From Kottayam to Kochi, the huge capital city of Kerala state, was one of those clanky, ancient local buses. These are a classic Indian experience: scarily fast, hurtling round corners, overtaking everything even if there's things coming the other way, and barely stopping when they pick up or drop off passengers. Then came another classic Indian experience: queueing for the ferry ticket across to the historic old town on the island of Fort Kochi (pic). It took an hour to buy my ticket (and all for a Rs4 fare). In a country that invented zero and infinity, though, an hour is nothing special.
Saturday, 14 February 2015
Day 32 (India): Alleppey kayaking
The backwaters are the best bit of Kerala, and the best way to do the backwaters is by kayak. Today, thanks to a friendly little tour-hire outfit in Alleppey, I spent a blissful day paddling the canals and channels with a small group (pic). Samson, the guide, and I were the most experienced paddlers and the fastest boat. That meant we were the rescue party when others got lost, so we got lots of extra paddling. I'd earned my beer that evening.
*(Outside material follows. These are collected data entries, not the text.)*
Lemma logn_bin_double_le a b : d <= a -> d <= b -> a + b = 3 * d ->
  logn p 'C(2 * d, d) <= logn p 'C(a, d) + logn p 'C(b, d).
Proof.
move=> d_le_a d_le_b sum_ab; rewrite -(subnKC d_le_a) -(subnKC d_le_b) mul2n -addnn.
apply: logn_binD_le => // i i_gt0.
by apply: carry_split; [exact: pow_gt1 | exact: avoid | lia].
Qed.

Lemma vp_bin_double_le a : a <= 2 * d ->
  vge (vp p (binz a d * binz (3 * d%:Z - a%:Z) d)%R) (vp p (binz (2 * d)%N d)).
Proof.
move=> a_le; have -> : (3 * d%:Z - a%:Z)%R = (3 * d - a)%N by lia.
rewrite !binz_nat; apply: vge_vp_mul => //.
by rewrite muln_gt0 !bin_gt0 => /andP[d_le_a d_le_b]; apply: logn_bin_double_le => //; lia.
Qed.

Lemma logn_bin_double_le_pred a b : 0 < d -> d <= a -> d <= b -> a + b = (3 * d).-1 ->
  logn p 'C(2 * d, d) <= logn p 'C(a, d) + logn p 'C(b, d).
Proof.
move=> d_gt0 d_le_a d_le_b sum_ab; rewrite -(subnKC d_le_a) -(subnKC d_le_b) mul2n -addnn.
apply: logn_binD_le => // i i_gt0.
by apply: carry_split_pred; [exact: pow_gt1 | exact: d_gt0 | exact: avoid | lia].
Qed.

Lemma vp_bin_double_le_pred a : a <= 2 * d ->
  vge (vp p (binz a d * binz (3 * d%:Z - 1 - a%:Z) d)%R) (vp p (binz (2 * d)%N d)).
Proof.
move=> a_le; have [d0 | d_gt0] := posnP d.
  by move: a_le; rewrite d0 leqn0 => /eqP->; rewrite !binz0 mulr1 /= leqnn.
have -> : (3 * d%:Z - 1 - a%:Z)%R = (3 * d - 1 - a)%N by lia.
rewrite !binz_nat; apply: vge_vp_mul => //.
by rewrite muln_gt0 !bin_gt0 => /andP[d_le_a d_le_b]; apply: logn_bin_double_le_pred => //; lia.
Qed.

End AvoidsMiddleThird.

Section AvoidsClosedMiddleThird.
Hypothesis avoid : forall i, avoids_closed_middle_third (p ^ i) (d %% p ^ i).

Lemma logn_bin_pred_le a b : 0 < d -> d.-1 <= a -> d <= b -> a + b = 3 * d - 2 ->
  logn p 'C(2 * d, d) <= logn p 'C(a, d.-1) + logn p 'C(b, d).
Proof.
move=> d_gt0 d_le_a d_le_b sum_ab; rewrite -(subnKC d_le_a) -(subnKC d_le_b) mul2n -addnn.
apply: logn_binD_le => // i i_gt0.
by apply: carry_split_pred_pred; [exact: pow_gt1 | exact: d_gt0 | exact: avoid | lia].
Qed.
(* Let $t=0$ (so $A:L^2(\Gamma)\to L^2(\Gamma)$ with $\langle Av,v\rangle\ge\alpha\|v\|^2$ and $\|Av\|\le\beta\|v\|$), let $f\in L^2(\Gamma)$, and for $Q\in[P_0]$ let $u_Q\in S^0_Q$ be the Galerkin approximation of $u=A^{-1}f$ from $S^0_Q$ and $r_Q=f-Au_Q$. Let $P,P'\in[P_0]$ with $P\preceq P'$, and let $\Gamma^*=\mathrm{int}\bigcup_{\tau\in P\setminus P'}\overline\tau$. Then for every $v\in S^0_{P'}$, \[ \alpha\|u_P-u_{P'}\|\le\|r_P\|_{\Gamma^*}\le\beta\|u_P-u_{P'}\|+2\|r_P-v\|_{\Gamma^*}. \]
   Context: $\Omega$ is a compact closed $n$-dimensional manifold, globally $C^{\nu-1,1}$ and patchwise smooth (each smooth closed patch diffeomorphic to a polygon), and $\Gamma\subseteq\Omega$ is either $\Omega$ or a connected open subset of $\Omega$ whose boundary consists of curved polygons. $\|\cdot\|$ and $\|\cdot\|_\omega$ are the $L^2(\Gamma)$- and $L^2(\omega)$-norms, $\langle\cdot,\cdot\rangle$ the $L^2(\Gamma)$ inner product. $A:L^2(\Gamma)\to L^2(\Gamma)$ is a self-adjoint bounded linear bijection with constants $\alpha,\beta>0$ as in the claim. For a closed subspace $S$, the Galerkin approximation $u_S\in S$ is defined by $\langle Au_S,w\rangle=\langle f,w\rangle$ for all $w\in S$. A surface triangle is an open subset of $\Gamma$ whose closure is diffeomorphic to a flat triangle (its reference; polynomials, midpoints etc. are understood through the reference). A partition of $\Gamma$ is a finite set of pairwise disjoint surface triangles whose closures cover $\overline\Gamma$. Each triangle has a newest vertex; refining it means bisecting it by joining the newest vertex to the midpoint of the opposite edge, the two children inheriting the reference and having this midpoint as newest vertex. $P\preceq P'$ means $P'$ is obtained from $P$ by recursively replacing triangles by their children. $P_0$ is a fixed conforming partition and $[P_0]$ is the set of all its refinements. $S^0_P$ is the space of functions that are constant on each $\tau\in P$. $\mathrm{int}$ denotes the interior. *)

From HB Require Import structures.
From mathcomp Require Import all_boot all_order all_algebra.
From mathcomp Require Import all_classical all_reals all_analysis.

Set Implicit Arguments.
Unset Strict Implicit.
Unset Printing Implicit Defensive.

Import Order.TTheory GRing.Theory Num.Theory.
Local Open Scope classical_set_scope.
Local Open Scope ring_scope.

HB.structure Definition TopMeasurable d :=
  {T of Topological T & Measurable d T}.
Notation topMeasurableType := TopMeasurable.type.

Section L2defs.
Context {d : measure_display} {T : topMeasurableType d} {R : realType}.
Variable mu : {measure set T -> \bar R}.

(* v is (a representative of) an element of L^2(Gamma). *)
Definition L2 (v : T -> R) : Prop :=
  measurable_fun setT v /\ (\int[mu]_x ((v x) ^+ 2)%:E < +oo)%E.

Definition ip (v w : T -> R) : R := Rintegral mu setT (fun x => v x * w x).

Definition normL2 (omega : set T) (v : T -> R) : R :=
  Num.sqrt (Rintegral mu omega (fun x => (v x) ^+ 2)).

(* equality almost everywhere, i.e. equality in L^2(Gamma) *)
Definition aeeq (v w : T -> R) : Prop := {ae mu, forall x, v x = w x}.

Definition S0 (Tri : eqType) (cell : Tri -> set T) (P : seq Tri) (v : T -> R)
  : Prop :=
  L2 v /\ forall t, t \in P -> exists c : R, forall x, cell t x -> v x = c.

End L2defs.
(* Let $\Delta x>0$ and define $g_\tau(x)=\dfrac{\tfrac12 x}{\sinh(\tfrac12 x)}$ for $x\neq0$, $g_\tau(0)=1$. Then the function $h(x)=g_\tau(\Delta x)\,e^x$ is the reconstruction pair of $\exp$, i.e. $e^x=\frac{1}{\Delta x}\int_{x-\frac12\Delta x}^{x+\frac12\Delta x}h(\zeta)\,d\zeta$ for all real $x$. Moreover $g_\tau$ is the generating function of the numbers $\tau_n$: setting $\tau_n:=\frac{1}{n!}g_\tau^{(n)}(0)$ for all $n\in\mathbb{N}_0$, one has $\tau_{2n+1}=0$ for all $n\in\mathbb{N}_0$, $\tau_0=1$, and $\tau_{2k}=\sum_{s=0}^{k-1}\frac{-\tau_{2s}}{2^{2k-2s}(2k-2s+1)!}$ for all $k>0$. *)

From Stdlib Require Import Reals Factorial.
From Coquelicot Require Import Coquelicot.
Open Scope R_scope.

Definition g_tau (x : R) : R :=
  if Req_EM_T x 0 then 1 else (x / 2) / sinh (x / 2).

Definition h_exp (dx : R) (x : R) : R := g_tau dx * exp x.

Definition tau (n : nat) : R := Derive_n g_tau n 0 / INR (fact n).

(** Write [S(x) := 2 sinh(x/2) / x = sum_n ((1/2)^(n+1) - (-1/2)^(n+1)) x^n / (n+1)!],
    an even power series with constant term 1. Then [g_tau = 1 / S] near 0, so the
    [tau_n] are the coefficients of the reciprocal series, given by the Cauchy-product
    recursion [sum_(j <= n) tau_j s_(n-j) = 0] for [n > 0]. Since [S] is even, so is its
    reciprocal, and the recursion restricted to even indices is the stated one. The
    reconstruction identity is the computation
    [int_(x-dx/2)^(x+dx/2) e^t dt = e^x * 2 sinh(dx/2) = e^x * dx / g_tau dx]. *)
From Stdlib Require Import Reals Factorial Lia Lra.
From Coquelicot Require Import Coquelicot.
Open Scope R_scope.

Lemma sum_f_R0_opp (F : nat -> R) n :
  sum_f_R0 (fun i => - F i) n = - sum_f_R0 F n.
Proof. induction n as [|n IH]; simpl; [|rewrite IH]; ring. Qed.

Lemma sum_f_R0_pairs (F : nat -> R) n :
  sum_f_R0 F (2 * n + 1) = sum_f_R0 (fun i => F (2 * i)%nat + F (2 * i + 1)%nat) n.
Proof.
  induction n as [|n IH]; [simpl; ring|].
  replace (2 * S n + 1)%nat with (S (S (2 * n + 1))) by lia.
  rewrite !tech5, IH.
  replace (S (2 * n + 1)) with (2 * S n)%nat by lia.
  replace (S (2 * S n)) with (2 * S n + 1)%nat by lia. ring.
Qed.

Lemma pow_opp_even (y : R) m : (- y) ^ (2 * m) = y ^ (2 * m).
Proof. rewrite !pow_mult. f_equal. ring. Qed.

Lemma sinh_neq0 y : y <> 0 -> sinh y <> 0.
Proof.
  intros Hy. rewrite <- sinh_0. destruct (Rlt_or_le y 0).
  - apply Rlt_not_eq, sinh_lt. assumption.
  - apply not_eq_sym, Rlt_not_eq, sinh_lt. lra.
Qed.

Lemma Rbar_lt_CV_radius_of_pow2_bound (c : nat -> R) x :
  (forall n, Rabs (c n) <= 2 ^ n) -> Rabs x < / 2 -> Rbar_lt (Rabs x) (CV_radius c).
Proof.
  intros Hc Hx. apply Rbar_lt_le_trans with (Finite (/ 2)); [exact Hx|].
  apply (proj1 (CV_radius_bounded c)). exists 1. intros n.
  rewrite Rabs_mult, <- RPow_abs, (Rabs_right (/ 2)) by lra.
  apply Rle_trans with (2 ^ n * (/ 2) ^ n).
  - apply Rmult_le_compat_r; [apply pow_le; lra | apply Hc].
  - rewrite <- Rpow_mult_distr, Rinv_r, pow1 by lra. lra.
Qed.

Section ReciprocalSeries.

Variable a : nat -> R.

(* [recip_upto n] holds the first [n + 1] reciprocal coefficients; [a 0] is
   never read, the recursion is that of [1 / PSeries a] when [a 0 = 1]. *)
Fixpoint recip_upto (n : nat) : nat -> R :=
  match n with
  | O => fun _ => 1
  | S m => fun i => if (i <=? m)%nat then recip_upto m i
                    else - sum_f_R0 (fun j => recip_upto m j * a (S m - j)) m
  end.

Definition ps_recip (n : nat) : R := recip_upto n n.

Lemma recip_upto_le n i : (i <= n)%nat -> recip_upto n i = ps_recip i.
Proof.
  induction n as [|n IH]; intros Hi.
  - replace i with 0%nat by lia. reflexivity.
  - destruct (Nat.eq_dec i (S n)) as [->|Hne]; [reflexivity|].
    simpl. rewrite (proj2 (Nat.leb_le i n)) by lia. apply IH. lia.
Qed.

Lemma ps_recip_0 : ps_recip 0 = 1.
Proof. reflexivity. Qed.

Lemma ps_recip_S n :
  ps_recip (S n) = - sum_f_R0 (fun j => ps_recip j * a (S n - j)) n.
Proof.
  unfold ps_recip at 1. cbn [recip_upto].
  rewrite (proj2 (Nat.leb_gt (S n) n)) by lia.
  f_equal. apply sum_eq. intros j Hj. rewrite recip_upto_le by lia. reflexivity.
Qed.

Lemma PS_mult_ps_recip (Ha0 : a 0 = 1) n :
  PS_mult ps_recip a n = match n with O => 1 | S _ => 0 end.
Proof.
  unfold PS_mult. destruct n as [|n].
  - simpl. rewrite Ha0, ps_recip_0. ring.
  - rewrite tech5, Nat.sub_diag, Ha0, ps_recip_S. ring.
Qed.

Lemma Rabs_ps_recip_le (Ha : forall n, Rabs (a n) <= 1) n :
  Rabs (ps_recip n) <= 2 ^ n.
Proof.
  induction n as [n IH] using (well_founded_induction Wf_nat.lt_wf).
  destruct n as [|n]; [rewrite ps_recip_0, Rabs_R1; simpl; lra|].
  rewrite ps_recip_S, Rabs_Ropp.
  eapply Rle_trans; [apply sum_f_R0_triangle|].
  apply Rle_trans with (sum_f_R0 (fun j => 2 ^ j) n).
  - apply sum_Rle. intros j Hj. rewrite Rabs_mult, <- (Rmult_1_r (2 ^ j)).
    apply Rmult_le_compat; [apply Rabs_pos | apply Rabs_pos | apply IH; lia | apply Ha].
  - pose proof (GP_finite 2 n) as Hgp. rewrite Nat.add_1_r in Hgp. lra.
Qed.

Lemma PSeries_ps_recip_mul (Ha0 : a 0 = 1) (Ha : forall n, Rabs (a n) <= 1) x :
  Rabs x < / 2 -> PSeries ps_recip x * PSeries a x = 1.
Proof.
  intros Hx.
  assert (Rb : Rbar_lt (Rabs x) (CV_radius ps_recip))
    by exact (Rbar_lt_CV_radius_of_pow2_bound _ x (Rabs_ps_recip_le Ha) Hx).
  assert (Ra : Rbar_lt (Rabs x) (CV_radius a)).
  { apply Rbar_lt_CV_radius_of_pow2_bound; [|exact Hx].
    intros n. eapply Rle_trans; [apply Ha | apply pow_R1_Rle; lra]. }
  rewrite <- (PSeries_mult _ _ _ Rb Ra).
  rewrite PSeries_decr_1 by (apply ex_pseries_mult; assumption).
  rewrite (PSeries_ext _ (fun _ => 0)).
  - rewrite PSeries_const_0, PS_mult_ps_recip by exact Ha0. ring.
  - intros n. unfold PS_decr_1. rewrite PS_mult_ps_recip by exact Ha0. reflexivity.
Qed.

Lemma ps_recip_odd (Hodd : forall p, a (2 * p + 1) = 0) m :
  ps_recip (2 * m + 1) = 0.
Proof.
  induction m as [m IH] using (well_founded_induction Wf_nat.lt_wf).
  replace (2 * m + 1)%nat with (S (2 * m)) by lia.
  rewrite ps_recip_S, sum_eq_R0; [ring|]. intros j Hj.
  destruct (Nat.Even_or_Odd j) as [[i ->]|[i ->]].
  - replace (S (2 * m) - 2 * i)%nat with (2 * (m - i) + 1)%nat by lia.
    rewrite Hodd. ring.
  - rewrite IH by lia. ring.
Qed.

Lemma ps_recip_even_S (Hodd : forall p, a (2 * p + 1) = 0) k :
  ps_recip (2 * S k) =
  - sum_f_R0 (fun s => ps_recip (2 * s) * a (2 * (S k - s))%nat) k.
Proof.
  replace (2 * S k)%nat with (S (2 * k + 1)) at 1 by lia.
  rewrite ps_recip_S, sum_f_R0_pairs. f_equal. apply sum_eq. intros i Hi.
  rewrite ps_recip_odd by exact Hodd.
  replace (S (2 * k + 1) - 2 * i)%nat with (2 * (S k - i))%nat by lia. ring.
Qed.

End ReciprocalSeries.

Lemma is_pseries_exp_scal (c x : R) :
  is_pseries (fun n => c ^ n / INR (fact n)) x (exp (c * x)).
Proof.
  eapply is_series_ext; [|exact (is_exp_Reals (c * x))].
  intros n. unfold scal; cbn. unfold mult; cbn.
  rewrite (pow_n_pow (c * x)), (pow_n_pow x n : @pow_n (AbsRing.Ring R_AbsRing) x n = x ^ n).
  rewrite Rpow_mult_distr. unfold Rdiv. ring.
Qed.

Definition sinh_half_coef (n : nat) : R :=
  ((/ 2) ^ S n - (- / 2) ^ S n) / INR (fact (S n)).

Lemma sinh_half_coef_0 : sinh_half_coef 0 = 1.
Proof. unfold sinh_half_coef. simpl. field. Qed.

Lemma sinh_half_coef_odd p : sinh_half_coef (2 * p + 1) = 0.
Proof.
  unfold sinh_half_coef. replace (S (2 * p + 1)) with (2 * S p)%nat by lia.
  rewrite pow_opp_even. unfold Rdiv. ring.
Qed.

Lemma sinh_half_coef_even q :
  sinh_half_coef (2 * q) = / (2 ^ (2 * q) * INR (fact (2 * q + 1))).
Proof.
  unfold sinh_half_coef. replace (S (2 * q)) with (2 * q + 1)%nat by lia.
  rewrite !pow_add, pow_opp_even, !pow_inv, !pow_1.
  field. split; [apply INR_fact_neq_0 | apply pow_nonzero; lra].
Qed.

Lemma Rabs_sinh_half_coef_le n : Rabs (sinh_half_coef n) <= 1.
Proof.
  assert (Hhalf : 0 <= (/ 2) ^ n <= 1).
  { induction n as [|n IH]; simpl; lra. }
  assert (Hnum : Rabs ((/ 2) ^ S n - (- / 2) ^ S n) <= 1).
  { unfold Rminus. eapply Rle_trans; [apply Rabs_triang|].
    rewrite Rabs_Ropp, <- !RPow_abs, Rabs_Ropp, Rabs_right by lra. simpl. lra. }
  assert (Hfact : 1 <= INR (fact (S n))).
  { apply (le_INR 1). pose proof (lt_O_fact (S n)). lia. }
  unfold sinh_half_coef, Rdiv.
  rewrite Rabs_mult, Rabs_inv, (Rabs_right (INR _)) by lra.
  rewrite <- (Rmult_1_r 1). apply Rmult_le_compat; [apply Rabs_pos | | exact Hnum |].
  - left. apply Rinv_0_lt_compat. lra.
  - rewrite <- Rinv_1. apply Rinv_le_contravar; lra.
Qed.

Lemma mul_PSeries_sinh_half_coef x :
  x * PSeries sinh_half_coef x = 2 * sinh (x / 2).
Proof.
  rewrite <- PSeries_incr_1.
  pose proof (is_pseries_minus _ _ x _ _
                (is_pseries_exp_scal (/ 2) x) (is_pseries_exp_scal (- / 2) x)) as Hexp.
  rewrite (PSeries_ext _ (PS_minus (fun n => (/ 2) ^ n / INR (fact n))
                                   (fun n => (- / 2) ^ n / INR (fact n)))).
  - rewrite (is_pseries_unique _ _ _ Hexp). unfold plus, opp, sinh; cbn.
    replace (- (x / 2)) with (- / 2 * x) by field.
    replace (x / 2) with (/ 2 * x) by field. field.
  - intros [|n]; unfold PS_incr_1, PS_minus, plus, opp; cbn -[fact pow].
    + unfold zero; cbn. field.
    + unfold sinh_half_coef, Rdiv. ring.
Qed.

Lemma g_tau_mul_sinh_half x : g_tau x * (2 * sinh (x / 2)) = x.
Proof.
  unfold g_tau. destruct (Req_EM_T x 0) as [->|Hx0].
  - unfold Rdiv. rewrite Rmult_0_l, sinh_0. ring.
  - pose proof (sinh_neq0 (x / 2) ltac:(lra)). field. assumption.
Qed.

Definition tau_coef : nat -> R := ps_recip sinh_half_coef.

Lemma Rbar_lt_CV_radius_tau_coef x :
  Rabs x < / 2 -> Rbar_lt (Rabs x) (CV_radius tau_coef).
Proof.
  apply Rbar_lt_CV_radius_of_pow2_bound, Rabs_ps_recip_le, Rabs_sinh_half_coef_le.
Qed.

Lemma g_tau_PSeries x : Rabs x < / 2 -> g_tau x = PSeries tau_coef x.
Proof.
  intros Hx. destruct (Req_EM_T x 0) as [->|Hx0].
  - rewrite PSeries_0. unfold g_tau. destruct (Req_EM_T 0 0); [reflexivity | lra].
  - set (A := PSeries sinh_half_coef x).
    assert (HBA : PSeries tau_coef x * A = 1).
    { apply PSeries_ps_recip_mul; [exact sinh_half_coef_0 | exact Rabs_sinh_half_coef_le | exact Hx]. }
    assert (HgA : g_tau x * A = 1).
    { apply (Rmult_eq_reg_l x); [|exact Hx0].
      transitivity (g_tau x * (x * A)); [ring|].
      unfold A. rewrite mul_PSeries_sinh_half_coef, g_tau_mul_sinh_half. ring. }
    rewrite <- (Rmult_1_r (g_tau x)), <- HBA.
    transitivity (PSeries tau_coef x * (g_tau x * A)); [ring | rewrite HgA; ring].
Qed.

Lemma g_tau_locally_PSeries :
  locally 0 (fun t : R_UniformSpace => PSeries tau_coef t = g_tau t).
Proof.
  assert (Hr : 0 < / 2) by lra.
  exists (mkposreal _ Hr). intros y Hy. symmetry. apply g_tau_PSeries.
  change (Rabs (y - 0) < / 2) in Hy. rewrite Rminus_0_r in Hy. exact Hy.
Qed.

Lemma CV_radius_tau_coef_pos : Rbar_lt 0 (CV_radius tau_coef).
Proof.
  rewrite <- Rabs_R0. apply Rbar_lt_CV_radius_tau_coef. rewrite Rabs_R0. lra.
Qed.

Lemma ex_derive_n_g_tau n : ex_derive_n g_tau n 0.
Proof.
  apply (ex_derive_n_ext_loc _ _ n 0 g_tau_locally_PSeries).
  apply ex_derive_n_PSeries. rewrite Rabs_R0. exact CV_radius_tau_coef_pos.
Qed.

Lemma tau_eq_coef n : tau n = tau_coef n.
Proof.
  unfold tau. rewrite <- (Derive_n_ext_loc _ _ n 0 g_tau_locally_PSeries).
  rewrite Derive_n_coef by exact CV_radius_tau_coef_pos.
  field. apply INR_fact_neq_0.
Qed.

Lemma is_RInt_scal_exp (c a b : R) :
  is_RInt (fun t => c * exp t) a b (c * (exp b - exp a)).
Proof.
  replace (c * (exp b - exp a)) with (minus (c * exp b) (c * exp a))
    by (unfold minus, plus, opp; cbn; ring).
  apply (is_RInt_derive (fun t => c * exp t)).
  - intros t _. apply is_derive_scal, is_derive_exp.
  - intros t _. apply (@ex_derive_continuous R_AbsRing R_NormedModule).
    exists (c * exp t). apply is_derive_scal, is_derive_exp.
Qed.

Lemma exp_centered_diff x d :
  exp (x + d / 2) - exp (x - d / 2) = exp x * (2 * sinh (d / 2)).
Proof.
  unfold sinh, Rminus. rewrite !exp_plus. field.
Qed.

Lemma h_exp_reconstruction dx x : 0 < dx ->
  ex_RInt (h_exp dx) (x - dx / 2) (x + dx / 2) /\
  exp x = / dx * RInt (h_exp dx) (x - dx / 2) (x + dx / 2).
Proof.
  intros Hdx.
  assert (HI : is_RInt (h_exp dx) (x - dx / 2) (x + dx / 2)
                 (g_tau dx * (exp (x + dx / 2) - exp (x - dx / 2))))
    by exact (is_RInt_scal_exp (g_tau dx) _ _).
  split; [eexists; exact HI|].
  rewrite (is_RInt_unique _ _ _ _ HI), exp_centered_diff.
  transitivity (/ dx * exp x * (g_tau dx * (2 * sinh (dx / 2)))).
  - rewrite g_tau_mul_sinh_half. field. lra.
  - ring.
Qed.

Theorem theorem1 (dx : R) (Hdx : 0 < dx) :
  (forall x : R,
     ex_RInt (h_exp dx) (x - dx / 2) (x + dx / 2) /\
     exp x = / dx * RInt (h_exp dx) (x - dx / 2) (x + dx / 2)) /\
  (forall n : nat, ex_derive_n g_tau n 0) /\
  (forall n : nat, tau (2 * n + 1) = 0) /\
  tau 0 = 1 /\
  (forall k : nat, (0 < k)%nat ->
     tau (2 * k) =
       sum_f_R0 (fun s => - tau (2 * s) /
                   (2 ^ (2 * k - 2 * s) * INR (fact (2 * k - 2 * s + 1))))
                (k - 1)).
Proof.
  split; [intros x; exact (h_exp_reconstruction dx x Hdx)|].
  split; [exact ex_derive_n_g_tau|].
  split; [intros n; rewrite tau_eq_coef; exact (ps_recip_odd _ sinh_half_coef_odd n)|].
  split; [rewrite tau_eq_coef; exact (ps_recip_0 _)|].
  intros [|k] Hk; [lia|].
  rewrite tau_eq_coef. unfold tau_coef.
  rewrite ps_recip_even_S by exact sinh_half_coef_odd.
  replace (S k - 1)%nat with k by lia.
  rewrite <- sum_f_R0_opp. apply sum_eq. intros s Hs.
  replace (2 * S k - 2 * s)%nat with (2 * (S k - s))%nat by lia.
  rewrite sinh_half_coef_even, tau_eq_coef. unfold tau_coef, Rdiv. ring.
Qed.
We stopped for snacks and coconut-water drinks en route, and were entertained by this rather tame Krishna Eagle (pic). They eat poisonous snakes. By gum, they like their food spicy down here.
The main routes get very busy and noisy with motorised houseboats. But thanks to squeezing under limbo-dancing low bridges like this (pic) we could slip away from them into quiet and remote waters. Here you could hear nothing except birdsong, village chatter, and the peaceful lapping of paddles. And the frequent shrieks of the accident-prone paddler from Bengaluru who kept going the wrong way, losing her shoes, and falling in.
This is the sort of thing we saw much of the day. I was just beaming with happiness all day, as was Tim (pic), an Aussie working in Bengaluru. When he updated me on the progress of the Australia–England world cup match, though, he was smiling rather more than I was.
Friday, 13 February 2015
Day 31 (India): Kollam to Alleppey
Most of today was taken up with the eight-hour boat journey from Kollam to Alleppey. There was enough time in the morning, though, to walk round Kollam town watching the place wake up. This man buying a bucket from a cycling street vendor was clearly keen to examine his purchase carefully.
The boat journey was a very pleasant and relaxing chug up some of Kerala's 900km network of lakes, canals, ponds and channels (pic): about the only place in India you can escape from tuk-tuks.
Some of the waterside villages are only accessible by boat, which is the way many people get around (pic). This is evidently the Kerala equivalent of the school run.
The last hour, into Alleppey as the sun set, was a glorious skim across glassy waters, silently busy with houseboats (pic). This is where classy tourists stay. I'm not a classy tourist.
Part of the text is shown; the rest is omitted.